Guide to launching open AI models from deep GitHub

In AI development, a trend has emerged where decentralization and open source allow breaking beyond popular commercial solutions. Local LLMs enable private data processing, flexible system customization for specific tasks, and independent control over the environment. At the same time, deploying such models requires understanding basic tools—from repositories and model weights to cloud environments and technical specifications.

In this new material, ForkLog will explain how to start exploring autonomous AI models without costs, which resources to use for beginners, and what OS solution developers offer.

First Introduction

For developers of open AI models, there are two main platforms—GitHub and Hugging Face. The first is traditionally used for publishing source code, documentation, and setup scripts; the second has become a global hub for model weights, datasets, and ready-made ML solutions. Hundreds of thousands of trained neural networks are published on Hugging Face, from tiny language models for smartphones, alternative media content generators, to specialized algorithms for scientists and enthusiasts.

Community activity metrics help choose the necessary model. On GitHub, these are represented by the number of stars, update frequency (commits), and issue resolution speed.

It’s also important to verify the origin of the product and the authenticity of the repository. Popular OS builds often become bait for cybercriminals distributing malicious code disguised as well-known AI tools.

The next step in exploring local AI models is to test their functionality in practice. For users without powerful hardware, there are free and semi-free cloud platforms

The most popular solution is Google Colab—a cloud environment providing access to graphics processors (GPU) directly from the browser. The free subscription allows working on a system with an Nvidia Tesla T4 accelerator for an average of two to four hours depending on load. Alternatives include Kaggle Notebooks and Hugging Face Spaces. The latter allows interaction with models via ready-made web interfaces like Gradio or Streamlit.

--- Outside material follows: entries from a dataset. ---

Lemma Eu_num_Bplus (x : R) : inI b x ->
  Eu_num q R0 S v x = Eu_num q R0 S u x * (1 + t * J (q * x)) / (1 + t * J x).
Proof.
  intros Hx. pose proof (Ju_step q b R0 S T u Hq HR HS HT Hu x Hx) as HJ.
  destruct (Eu_num_den_pos q b R0 S T u Hu x Hx) as [HA _]. pose proof (Ht x Hx).
  replace (J (q * x)) with (J x - (1 - q) * x * (S x * E x / Eu_num q R0 S u x))
    by (unfold J, E; lra).
  unfold v, Bplus, Eu_num in *. fold E J. field. split; [lra | assumption].
Qed.

Lemma Eu_den_Bplus (x : R) : inI b x ->
  Eu_den q S T v x = Eu_den q S T u x * (1 + t * J x) / (1 + t * J (q * x)).
Proof.
  intros Hx. pose proof (Ju_step q b R0 S T u Hq HR HS HT Hu x Hx) as HJ.
  pose proof (Eu_step q b R0 S T u Hq HR HS HT Hu x Hx) as HE.
  destruct (Eu_num_den_pos q b R0 S T u Hu x Hx) as [HA HB].
  pose proof (Ht (q * x) (inI_q b q x Hq Hx)) as Hd.
  fold E J in HJ, HE, Hd |- *. rewrite HJ.
  replace (E x) with (E (q * x) * Eu_num q R0 S u x / Eu_den q S T u x)
    by (rewrite <- HE; field; lra).
  unfold v, Bplus, Eu_num, Eu_den in *. fold E J. field. repeat split; lra.
Qed.

Lemma qRiccati_op_Bplus (x : R) : inI b x -> x <> 0 ->
  qRiccati_op q R0 S T v x = qRiccati_op q R0 S T u x.
Proof.
  intros Hx Hx0. pose proof (qRiccati_op_sub q R0 S T u v x ltac:(lra) Hx0) as Hsub.
  rewrite Eu_num_Bplus in Hsub by exact Hx.
  pose proof (Eu_step q b R0 S T u Hq HR HS HT Hu x Hx) as HE.
  pose proof (Ht x Hx). pose proof (Ht (q * x) (inI_q b q x Hq Hx)).
  replace ((v x - u x) * Eu_den q S T u x
           - (v (q * x) - u (q * x)) * (Eu_num q R0 S u x * (1 + t * J (q * x)) / (1 + t * J x)))
    with (t * (E x * Eu_den q S T u x - E (q * x) * Eu_num q R0 S u x) / (1 + t * J x)) in Hsub
    by (unfold v, Bplus; fold E J; field; split; assumption).
  fold E in HE. rewrite HE, Rminus_diag, Rmult_0_r, Rdiv_0_l in Hsub.
  apply Rmult_integral in Hsub as [Ha|Hd]; [|lra].
  exfalso. apply Rmult_integral in Ha as [Ha|Ha]; lra.
Qed.

Hypothesis Hv : admissible q b R0 S T v.

Lemma Eu_Bplus (x : R) : inI b x -> Eu q R0 S T v x = E x / (1 + t * J x) ^ 2.
Proof.
  intros Hx.
  set (h y := Eu q R0 S T v y * ((1 + t * J y) * (1 + t * J y)) / E y).
  assert (Hh : h x = 1).
  { apply (qinvariant_lim_eq b q h x 1 Hq); auto.
    - intros y Hy. pose proof (Eu_step q b R0 S T v Hq HR HS HT Hv y Hy) as HEv.
      rewrite Eu_num_Bplus, Eu_den_Bplus in HEv by exact Hy.
      pose proof (Eu_step q b R0 S T u Hq HR HS HT Hu y Hy) as HE. fold E in HE.
      destruct (Eu_num_den_pos q b R0 S T u Hu y Hy) as [HA HB].
      pose proof (Eu_pos q R0 S T u (q * y)) as He. fold E in He.
      pose proof (Ht y Hy) as HD. pose proof (Ht (q * y) (inI_q b q y Hq Hy)) as Hd.
      fold J in HD, Hd.
      assert (HEv' : Eu q R0 S T v y = Eu q R0 S T v (q * y)
          * (Eu_num q R0 S u y * (1 + t * J (q * y)) / (1 + t * J y))
          / (Eu_den q S T u y * (1 + t * J y) / (1 + t * J (q * y))))
        by (rewrite <- HEv; field; repeat split; lra).
      assert (HE' : E y = E (q * y) * Eu_num q R0 S u y / Eu_den q S T u y)
        by (rewrite <- HE; field; lra).
      unfold h. rewrite HEv', HE'. field. repeat split; lra.
    - replace (Finite 1) with (Finite (1 * ((1 + t * 0) * (1 + t * 0)) / 1)) by (f_equal; field).
      apply is_lim_seq_div'; [apply is_lim_seq_mult'; [|apply is_lim_seq_mult']|..].
      + now apply (Eu_qorbit_lim q b R0 S T v).
      + apply is_lim_seq_plus', is_lim_seq_mult';
          [apply is_lim_seq_const.. | now apply (Ju_qorbit_lim q b R0 S T u)].
      + apply is_lim_seq_plus', is_lim_seq_mult';
          [apply is_lim_seq_const.. | now apply (Ju_qorbit_lim q b R0 S T u)].
      + now apply (Eu_qorbit_lim q b R0 S T u).
      + lra. }
  pose proof (Eu_pos q R0 S T u x) as HE. pose proof (Ht x Hx) as HD.
  fold E J in HE, HD.
  transitivity (h x * (E x / (1 + t * J x) ^ 2)); [unfold h; field; lra | rewrite Hh; ring].
Qed.

Lemma Ju_Bplus (x : R) : inI b x -> Ju q R0 S T v x = J x / (1 + t * J x).
Proof.
  intros Hx. set (h y := Ju q R0 S T v y - J y / (1 + t * J y)).
  assert (Hh : h x = 0).
  { apply (qinvariant_lim_eq b q h x 0 Hq); auto.
    - intros y Hy. pose proof (Ju_step q b R0 S T v Hq HR HS HT Hv y Hy) as HJv.
      rewrite Eu_Bplus, Eu_num_Bplus in HJv by exact Hy.
      assert (HJ : J y - J (q * y) = (1 - q) * y * (S y * E y / Eu_num q R0 S u y))
        by (pose proof (Ju_step q b R0 S T u Hq HR HS HT Hu y Hy); unfold J, E; lra).
      destruct (Eu_num_den_pos q b R0 S T u Hu y Hy) as [HA _].
      pose proof (Ht y Hy) as HD. pose proof (Ht (q * y) (inI_q b q y Hq Hy)) as Hd.
      fold J in HD, Hd.
      replace ((1 - q) * y * (S y * (E y / (1 + t * J y) ^ 2)
                / (Eu_num q R0 S u y * (1 + t * J (q * y)) / (1 + t * J y))))
        with ((J y - J (q * y)) / ((1 + t * J y) * (1 + t * J (q * y)))) in HJv
        by (rewrite HJ; field; repeat split; lra).
      unfold h. rewrite HJv. field. split; assumption.
    - replace (Finite 0) with (Finite (0 - 0 / (1 + t * 0))) by (f_equal; field; lra).
      apply is_lim_seq_minus'; [now apply (Ju_qorbit_lim q b R0 S T v)|].
      apply is_lim_seq_div'; [now apply (Ju_qorbit_lim q b R0 S T u)| |lra].
      apply is_lim_seq_plus', is_lim_seq_mult';
        [apply is_lim_seq_const.. | now apply (Ju_qorbit_lim q b R0 S T u)]. }
  unfold h in Hh. lra.
Qed.

Lemma Bplus_defined_add (t1 : R) :
  Bplus_defined q b R0 S T t1 v -> Bplus_defined q b R0 S T (t1 + t) u.
Proof.
  intros Ht1 x Hx. specialize (Ht1 x Hx). rewrite Ju_Bplus in Ht1 by exact Hx.
  pose proof (Ht x Hx) as HD. fold J in HD |- *.
  replace (1 + (t1 + t) * J x) with ((1 + t * J x) * (1 + t1 * (J x / (1 + t * J x))))
    by (field; assumption).
  now apply Rmult_integral_contrapositive_currified.
Qed.

Lemma Bplus_Bplus (t1 x : R) : Bplus_defined q b R0 S T t1 v -> inI b x ->
  Bplus q R0 S T t1 v x = Bplus q R0 S T (t1 + t) u x.
Proof.
  intros Ht1 Hx. pose proof (Bplus_defined_add t1 Ht1 x Hx) as Hsum.
  specialize (Ht1 x Hx). rewrite Ju_Bplus in Ht1 by exact Hx.
  pose proof (Ht x Hx) as HD. fold J in Hsum, HD.
  unfold Bplus at 1. rewrite Eu_Bplus, Ju_Bplus by exact Hx.
  unfold v, Bplus. fold E J. field. repeat split; assumption.
Qed.
(* Let $\gamma_a,\gamma_s>0$, $\lambda\ge 0$, $q>0$, $\sigma_B>0$, $\varepsilon_a\in(0,2)$, let $\beta_a,\beta_s:\mathbb R\to\mathbb R$ be globally Lipschitz continuous with $\beta_a\ge0$, $\beta_s>0$, and let $T_a^{(0)}\ge 0$, $T_s^{(0)}\ge 0$. Then the solution of \[ \begin{cases} \gamma_a T_a'=-\lambda(T_a-T_s)+\varepsilon_a\sigma_B|T_s|^3T_s-2\varepsilon_a\sigma_B|T_a|^3T_a+q\beta_a(T_a),\\ \gamma_s T_s'=-\lambda(T_s-T_a)-\sigma_B|T_s|^3T_s+\varepsilon_a\sigma_B|T_a|^3T_a+q\beta_s(T_s),\\ T_a(0)=T_a^{(0)},\quad T_s(0)=T_s^{(0)} \end{cases} \] converges, as $t\to+\infty$, to an equilibrium point of this system (a zero of its right-hand side). *)

From Stdlib Require Import Reals.
From Coquelicot Require Import Coquelicot.
Open Scope R_scope.

Definition globally_lipschitz (f : R -> R) : Prop :=
  exists L : R, 0 <= L /\ forall x y : R, Rabs (f x - f y) <= L * Rabs (x - y).

Definition rhs_a (lam q sigB epsa : R) (beta_a : R -> R) (Ta Ts : R) : R :=
  - lam * (Ta - Ts) + epsa * sigB * (Rabs Ts ^ 3 * Ts)
  - 2 * epsa * sigB * (Rabs Ta ^ 3 * Ta) + q * beta_a Ta.

Definition rhs_s (lam q sigB epsa : R) (beta_s : R -> R) (Ta Ts : R) : R :=
  - lam * (Ts - Ta) - sigB * (Rabs Ts ^ 3 * Ts)
  + epsa * sigB * (Rabs Ta ^ 3 * Ta) + q * beta_s Ts.

Definition is_solution (ga gs lam q sigB epsa : R) (beta_a beta_s : R -> R)
    (Ta0 Ts0 : R) (Ta Ts : R -> R) : Prop :=
  Ta 0 = Ta0 /\ Ts 0 = Ts0 /\
  filterlim Ta (at_right 0) (locally Ta0) /\
  filterlim Ts (at_right 0) (locally Ts0) /\
  (forall t : R, 0 < t ->
     is_derive Ta t (rhs_a lam q sigB epsa beta_a (Ta t) (Ts t) / ga) /\
     is_derive Ts t (rhs_s lam q sigB epsa beta_s (Ta t) (Ts t) / gs)).

Definition is_equilibrium (lam q sigB epsa : R) (beta_a beta_s : R -> R)
    (a s : R) : Prop :=
  rhs_a lam q sigB epsa beta_a a s = 0 /\ rhs_s lam q sigB epsa beta_s a s = 0.

(* On bounded sets the vector field is cooperative: each component is Lipschitz in its own
   variable and nondecreasing in the other.  For a cooperative planar system the squared
   negative parts min(u,0)^2 + min(v,0)^2 of (u, v) obey Gronwall's inequality as soon as
   u' and v' are bounded below the way the vector field is, so they stay zero once zero.
   Applied to (T_a, T_s), whose field points inwards on the boundary of the positive quadrant
   (the sources are nonnegative), this keeps the solution in that quadrant.  Applied to the
   increments T(t+h) - T(t) and letting h -> 0+, it shows that once T_a' and T_s' have the
   same sign they keep it; if they never do, neither vanishes.  Either way each component is
   eventually monotone.  In the quadrant, W = c ga T_a + gs T_s with 1/2 < c < 1/epsa
   satisfies W' <= D - W, so the trajectory is bounded, hence convergent; and the limit is an
   equilibrium because a bounded function cannot have a derivative with a nonzero limit. *)

From Stdlib Require Import Reals Lra Psatz Classical Ranalysis5.
From Coquelicot Require Import Coquelicot.
Open Scope R_scope.
Lemma arc_point_dist_le t u (Ht : 0 <= t < 1) (Hu : 0 <= u < 1) :
  cdist (arc_point t Ht) (arc_point u Hu) <= circle_dist 1 t u.
Proof.
  pose proof (cone_dist_class X d Hd U HU base L L_pos
                (exist _ _ (arc_seq_bounded t Ht)) (exist _ _ (arc_seq_bounded u Hu))) as Hlim.
  apply Rle_plus_epsilon; intros eps Heps.
  apply (is_ulim_le U HU _ _ _ Hlim).
  destruct (diverges_of_gt_INR L HL (Rg / eps)) as [N HN].
  apply (ultra_mono U HU _ _ (ultra_tail U HU N)); intros m Hm; simpl.
  specialize (HN m Hm); pose proof (L_ge_1 m).
  assert (HRgL : Rg <= eps * L m)
    by (replace Rg with (Rg / eps * eps) by (field; lra); nra).
  apply div_le_of_le_mul; [lra|].
  assert (Htm : 0 <= t * L m < L m) by nra; assert (Hum : 0 <= u * L m < L m) by nra.
  pose proof (Hcirc m _ _ Htm Hum) as Hc.
  rewrite circle_dist_scale in Hc by lra.
  unfold arc_seq; nra.
Qed.

Lemma arc_point_antipodal_ge t (Ht : 0 <= t < 1) (Ht' : 0 <= t + 1 / 2 < 1) :
  1 / K / 2 <= cdist (arc_point t Ht) (arc_point (t + 1 / 2) Ht').
Proof.
  pose proof (cone_dist_class X d Hd U HU base L L_pos
                (exist _ _ (arc_seq_bounded t Ht)) (exist _ _ (arc_seq_bounded _ Ht'))) as Hlim.
  apply (is_ulim_ge U HU _ _ _ Hlim), (ultra_all U HU); intros m; simpl.
  pose proof (L_ge_1 m).
  apply le_div_of_mul_le; [lra|].
  assert (Htm : 0 <= t * L m < L m / 2) by nra.
  pose proof (Hai m _ Htm) as Ha.
  unfold arc_seq; replace ((t + 1 / 2) * L m) with (t * L m + L m / 2) by field.
  replace (1 / K / 2 * L m) with (1 / K * (L m / 2)) by (unfold Rdiv; ring); lra.
Qed.

Lemma cone_quadrilateral_of_circles :
  exists p q h q' : cone_pt d U base L,
    cdist p q <= 1 / 4 /\ cdist q h <= 1 / 4 /\ cdist h q' <= 1 / 4 /\ cdist q' p <= 1 / 4 /\
    1 / K / 2 <= cdist p h /\ 1 / K / 2 <= cdist q q'.
Proof.
  assert (H0 : 0 <= 0 < 1) by lra; assert (H1 : 0 <= 1 / 4 < 1) by lra.
  assert (H2 : 0 <= 0 + 1 / 2 < 1) by lra; assert (H3 : 0 <= 1 / 4 + 1 / 2 < 1) by lra.
  exists (arc_point 0 H0), (arc_point (1 / 4) H1), (arc_point _ H2), (arc_point _ H3).
  repeat split; try apply arc_point_antipodal_ge.
  all: eapply Rle_trans; [apply arc_point_dist_le|].
  all: try (eapply Rle_trans; [apply circle_dist_le_abs | split_Rabs; lra]).
  eapply Rle_trans; [apply circle_dist_le_compl | split_Rabs; lra].
Qed.

End CirclesInCone.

When working with federated solutions, legal aspects should also be considered. Many popular projects are available under classic licenses like MIT or Apache 2.0, which permit their use—including commercially—with minimal restrictions.

However, there are also specific approaches. Meta distributes its flagship models under the Llama 3.1 Community License, which requires special permission if the service’s monthly audience exceeds 700 million users.

Strict copyleft licenses like GNU General Public License are also encountered, requiring open-sourcing all derivative products.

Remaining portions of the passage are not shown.